[PROVIDED RECORDS Boundary: Start]

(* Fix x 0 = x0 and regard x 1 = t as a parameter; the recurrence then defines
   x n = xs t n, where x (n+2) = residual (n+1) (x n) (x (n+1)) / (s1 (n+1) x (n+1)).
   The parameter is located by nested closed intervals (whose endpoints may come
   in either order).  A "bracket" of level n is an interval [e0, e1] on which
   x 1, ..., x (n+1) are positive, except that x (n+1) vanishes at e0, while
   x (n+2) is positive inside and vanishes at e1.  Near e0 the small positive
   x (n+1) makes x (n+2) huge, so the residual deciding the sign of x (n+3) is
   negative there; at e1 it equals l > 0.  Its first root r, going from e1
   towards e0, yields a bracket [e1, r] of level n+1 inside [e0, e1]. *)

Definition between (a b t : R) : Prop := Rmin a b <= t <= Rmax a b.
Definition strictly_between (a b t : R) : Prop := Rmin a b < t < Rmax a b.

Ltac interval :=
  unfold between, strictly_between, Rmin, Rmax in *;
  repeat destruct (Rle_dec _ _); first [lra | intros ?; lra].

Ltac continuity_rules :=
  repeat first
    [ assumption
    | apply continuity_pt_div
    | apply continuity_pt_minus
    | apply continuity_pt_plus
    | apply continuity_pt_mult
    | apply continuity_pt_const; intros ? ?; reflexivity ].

[PROVIDED RECORDS Boundary: End]

* WHAT THE TASK ASKS
Write down exactly the line with "negative there; at", then each line after it through the end of the data.

* ANSWER AREA
   negative there; at e1 it equals l > 0.  Its first root r, going from e1
   towards e0, yields a bracket [e1, r] of level n+1 inside [e0, e1]. *)

Definition between (a b t : R) : Prop := Rmin a b <= t <= Rmax a b.
Definition strictly_between (a b t : R) : Prop := Rmin a b < t < Rmax a b.

Ltac interval :=
  unfold between, strictly_between, Rmin, Rmax in *;
  repeat destruct (Rle_dec _ _); first [lra | intros ?; lra].

Ltac continuity_rules :=
  repeat first
    [ assumption
    | apply continuity_pt_div
    | apply continuity_pt_minus
    | apply continuity_pt_plus
    | apply continuity_pt_mult
    | apply continuity_pt_const; intros ? ?; reflexivity ].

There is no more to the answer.